With No Insanity Defense, Seriously Ill People End Up In Prison
In light of John Hinckley Jr.'s release from a psychiatric hospital 35 years after attempting to assassinate President Ronald Reagan, Shots is exploring the use of the not guilty by reason of insanity plea. We're talking with legal and medical professionals about how the plea works, and how it doesn't work. In this fourth of a four-part series, we look at what happens to defendants when a state has no insanity defense.
On the evening of March 8, 2016, 30-year-old Kyle Odom was arrested in Washington, D.C., for throwing objects over the White House fence. He'd traveled from Idaho, where authorities suspected him of shooting and wounding Idaho pastor Tim Remington in a church parking lot days earlier.
Shortly after his arrest, an Idaho television station released a 30-page manifesto believed to have been sent by Odom. In the letter, the writer claims his life was ruined by "an intelligent species of amphibian-humanoid from Mars" using humans as sex slaves. The manifesto included drawings of the aliens and a claim that President Obama and Remington were aware of or involved in the Martians' plot.
Odom was extradited to Idaho, and in early July, mediation of his case began before a judge rather than going to trial before a jury. Forgoing a trial is typical for cases in Idaho involving mental illness, says August Cahill, a recently retired chief deputy of the Ada County Public Defender's Office in Boise, Idaho. The state is one of four, along with Montana, Utah and Kansas, with no insanity defense. The cases "don't go to trial because ultimately, what are you going to say to the jury?" asks Cahill. "You'd say, 'Yes, my client killed this person....' You don't have a defense."
Because Idaho has no insanity defense, defendants with mental illness typically plead guilty to lesser charges and rely on judges to take mental health into account at sentencing. Some lawyers and psychiatrists say this doesn't provide enough protection against the death penalty or long incarceration. As professor Aliza Cover of the University of Idaho Law School explains, "In Idaho, you have the unusual circumstance that someone who couldn't even be convicted in another state could be executed."

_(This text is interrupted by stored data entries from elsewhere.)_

(* Let $V \ge 2$ be an integer, let $z \in \mathbb{R}^V$ be a logit vector and let $p = \mathrm{softmax}(z) \in \Delta^{V-1}$, i.e. $p_j = e^{z_j}/\sum_{k=1}^V e^{z_k}$. Define the token-wise self-certainty \[ \mathrm{SC}(p) = \mathrm{KL}(U \,\|\, p) = -\frac{1}{V}\sum_{j=1}^V \log\big(V\,p_j\big), \] where $U$ is the uniform distribution on $\{1,\dots,V\}$. Fix a target index $y^* \in \{1,\dots,V\}$ and consider the gradient-ascent direction on $\log p_{y^*}$ with respect to the logits, $\Delta z_k = \frac{\partial \log p_{y^*}}{\partial z_k} = \delta_{k,y^*} - p_k$ for $k=1,\dots,V$. For $\eta \ge 0$ set $z(\eta) = z + \eta\,\Delta z$ and $p(\eta) = \mathrm{softmax}(z(\eta))$. Then \[ \left.\frac{d}{d\eta}\mathrm{SC}\big(p(\eta)\big)\right|_{\eta=0} > 0 \quad\Longleftrightarrow\quad p_{y^*} > \|p\|_2^2 = \sum_{k=1}^V p_k^2 . \] That is, a gradient-ascent step on $\log p_{y^*}$ increases the self-certainty to first order in the step size if and only if $p_{y^*} > \|p\|_2^2$.
   Context: $\delta_{k,y^*}$ is the Kronecker delta. $\Delta^{V-1}$ denotes the probability simplex in $\mathbb{R}^V$. *)

From HB Require Import structures.
From mathcomp Require Import all_boot all_order all_algebra.
From mathcomp Require Import all_classical all_reals all_analysis.
Set Implicit Arguments. Unset Strict Implicit. Unset Printing Implicit Defensive.
Import Order.TTheory GRing.Theory Num.Theory.
Local Open Scope ring_scope.

Definition softmax (R : realType) (V : nat) (z : 'I_V -> R) : 'I_V -> R :=
  fun j => expR (z j) / \sum_(k < V) expR (z k).

Definition SC (R : realType) (V : nat) (p : 'I_V -> R) : R :=
  - (V%:R)^-1 * \sum_(j < V) ln (V%:R * p j).

Definition grad_logp (R : realType) (V : nat) (p : 'I_V -> R) (y : 'I_V) : 'I_V -> R :=
  fun k => (k == y)%:R - p k.

From HB Require Import structures.
From mathcomp Require Import all_boot all_order all_algebra.
From mathcomp Require Import all_classical all_reals all_analysis.
From mathcomp Require Import ring.
Import Order.TTheory GRing.Theory Num.Theory.
Local Open Scope ring_scope.

(* Since ln (V softmax(w)_j) = ln V + w_j - ln (sum_k e^(w_k)), the self-certainty of
   softmax(w) is the log-sum-exp of w minus the mean logit minus ln V.  The direction
   delta_{k,y*} - p_k sums to zero, so the mean logit is constant along the line
   z + eta dz, and the derivative of SC is that of the log-sum-exp, i.e. the
   p-average of dz, which is p_{y*} - sum_k p_k^2. *)

Section Softmax.
Variables (R : realType) (V : nat).
Hypothesis V_gt0 : (0 < V)%N.
Implicit Types (w z d p : 'I_V -> R) (k : 'I_V) (x : R).

Lemma sum_expR_gt0 w : 0 < \sum_(k < V) expR (w k).
Proof.
rewrite (bigD1 (Ordinal V_gt0)) //= ltr_pwDl ?expR_gt0 //.
by apply: sumr_ge0 => k _; exact: expR_ge0.
Qed.

Lemma softmax_sum1 w : \sum_(k < V) softmax w k = 1.
Proof. by rewrite -mulr_suml mulfV // lt0r_neq0 // sum_expR_gt0. Qed.

Lemma SC_softmax w :
  SC (softmax w) =
  ln (\sum_(k < V) expR (w k)) - V%:R^-1 * \sum_(k < V) w k - ln V%:R.
Proof.
have S_gt0 := sum_expR_gt0 w.
have V_neq0 : V%:R != 0 :> R by rewrite pnatr_eq0 -lt0n.
have lnVp j : ln (V%:R * softmax w j) = ln V%:R + w j - ln (\sum_(k < V) expR (w k)).
  rewrite /softmax lnM ?posrE ?ltr0n ?divr_gt0 ?expR_gt0 //.
  by rewrite ln_div ?posrE ?expR_gt0 // expRK addrA.
rewrite /SC (eq_bigr _ (fun j _ => lnVp j)) sumrB big_split /= !sumr_const card_ord.
by rewrite -(mulr_natr (ln V%:R)) -(mulr_natr (ln _) V); field.
Qed.

Lemma is_derive_expR_line z d k x :
  is_derive x 1 (fun eta => expR (z k + eta * d k)) (expR (z k + x * d k) * d k).
Proof.
by apply: is_derive_eq; rewrite add0r mul1r scaler0 add0r; congr (_ * _); exact: mulr1.
Qed.

Lemma is_derive_lse_line z d x :
  is_derive x 1 (fun eta => ln (\sum_(k < V) expR (z k + eta * d k)))
    (\sum_(k < V) softmax (fun k => z k + x * d k) k * d k).
Proof.
have sum_gt0 := sum_expR_gt0 (fun k => z k + x * d k).
have D : is_derive x 1 (fun eta => \sum_(k < V) expR (z k + eta * d k))
    (\sum_(k < V) expR (z k + x * d k) * d k).
  by have := is_derive_sum (fun k => is_derive_expR_line z d k x); rewrite fct_sumE.
apply: is_derive_eq (is_derive1_comp (is_derive1_ln sum_gt0) D) _.
by rewrite mulr_sumr; apply: eq_bigr => k _; rewrite /softmax mulrCA mulrA.
Qed.

Lemma derive1_SC_softmax_line z d x : \sum_(k < V) d k = 0 ->
  derive1 (fun eta => SC (softmax (fun k => z k + eta * d k))) x =
  \sum_(k < V) softmax (fun k => z k + x * d k) k * d k.
Proof.
move=> d_sum0.
pose c := V%:R^-1 * \sum_(k < V) z k + ln V%:R.
have -> : (fun eta => SC (softmax (fun k => z k + eta * d k))) =
    (fun eta => ln (\sum_(k < V) expR (z k + eta * d k))) - cst c.
  apply/funext => eta /=.
  by rewrite SC_softmax big_split /= -mulr_sumr d_sum0 mulr0 addr0 opprD addrA.
have := is_deriveB (is_derive_lse_line z d x) (is_derive_cst c x 1).
by rewrite subr0 derive1E => D; exact: derive_val.
Qed.

Lemma sum_grad_logp p y : \sum_(k < V) p k = 1 -> \sum_(k < V) grad_logp p y k = 0.
Proof.
move=> p_sum1; rewrite sumrB p_sum1 (bigD1 y) //= eqxx big1 ?addr0 ?subrr //.
by move=> k /negbTE ->.
Qed.

Lemma sum_mul_grad_logp p y :
  \sum_(k < V) p k * grad_logp p y k = p y - \sum_(k < V) p k ^+ 2.
Proof.
under eq_bigr do rewrite mulrBr.
rewrite sumrB (bigD1 y) //= eqxx mulr1 big1 ?addr0; last by move=> k /negbTE ->; rewrite mulr0.
by under [in RHS]eq_bigr do rewrite expr2.
Qed.

End Softmax.

Theorem theorem1 (R : realType) (V : nat) (hV : (2 <= V)%N)
    (z : 'I_V -> R) (ystar : 'I_V) :
  let p := softmax z in
  let dz := grad_logp p ystar in
  (0 < derive1 (fun eta : R => SC (softmax (fun k => z k + eta * dz k))) 0)
  <-> (\sum_(k < V) p k ^+ 2 < p ystar).
Proof.
move=> p dz.
have V_gt0 : (0 < V)%N := ltnW hV.
have z_line0 : (fun k => z k + 0 * dz k) = z by apply/funext => k; rewrite mul0r addr0.
rewrite derive1_SC_softmax_line ?sum_grad_logp ?softmax_sum1 // z_line0.
by rewrite sum_mul_grad_logp subr_gt0.
Qed.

The prosecutor in Odom's case, deputy prosecuting attorney Jed Whitaker, says he can't discuss the ongoing mediation, but that the state does offer protections for the mentally ill. "A mental health court is a way that you can prosecute and help people who have a mental illness without necessarily sending them to prison for their crimes," Whitaker says.
Mental health courts, which are part of a nationwide network, generally rely on volunteer judges, attorneys, mental health specialists and coordinators to help people with mental illness get mental health care and a plan to support themselves without crime or substance abuse. Whitaker, who has participated in his county's mental health court, says the court meets once a week to discuss each of the 40 to 50 people enrolled, who ultimately leave the program in a graduation ceremony.
"At least from my point of view, the mental health court catches a few people that would otherwise be in prison," says Whitaker. Nonetheless, he adds, "I still see mentally ill people go to prison here."
Part of the reason for that, according to psychiatrist Camille LaCroix, who has served as an expert in Idaho cases involving mental illness, is that the mental health court typically does not accept violent offenders or people who committed sex crimes. These people instead end up in prison, where LaCroix says they receive treatment in an atmosphere that makes progress difficult: "A prison is not a therapeutic environment. You have been found guilty. You are being punished."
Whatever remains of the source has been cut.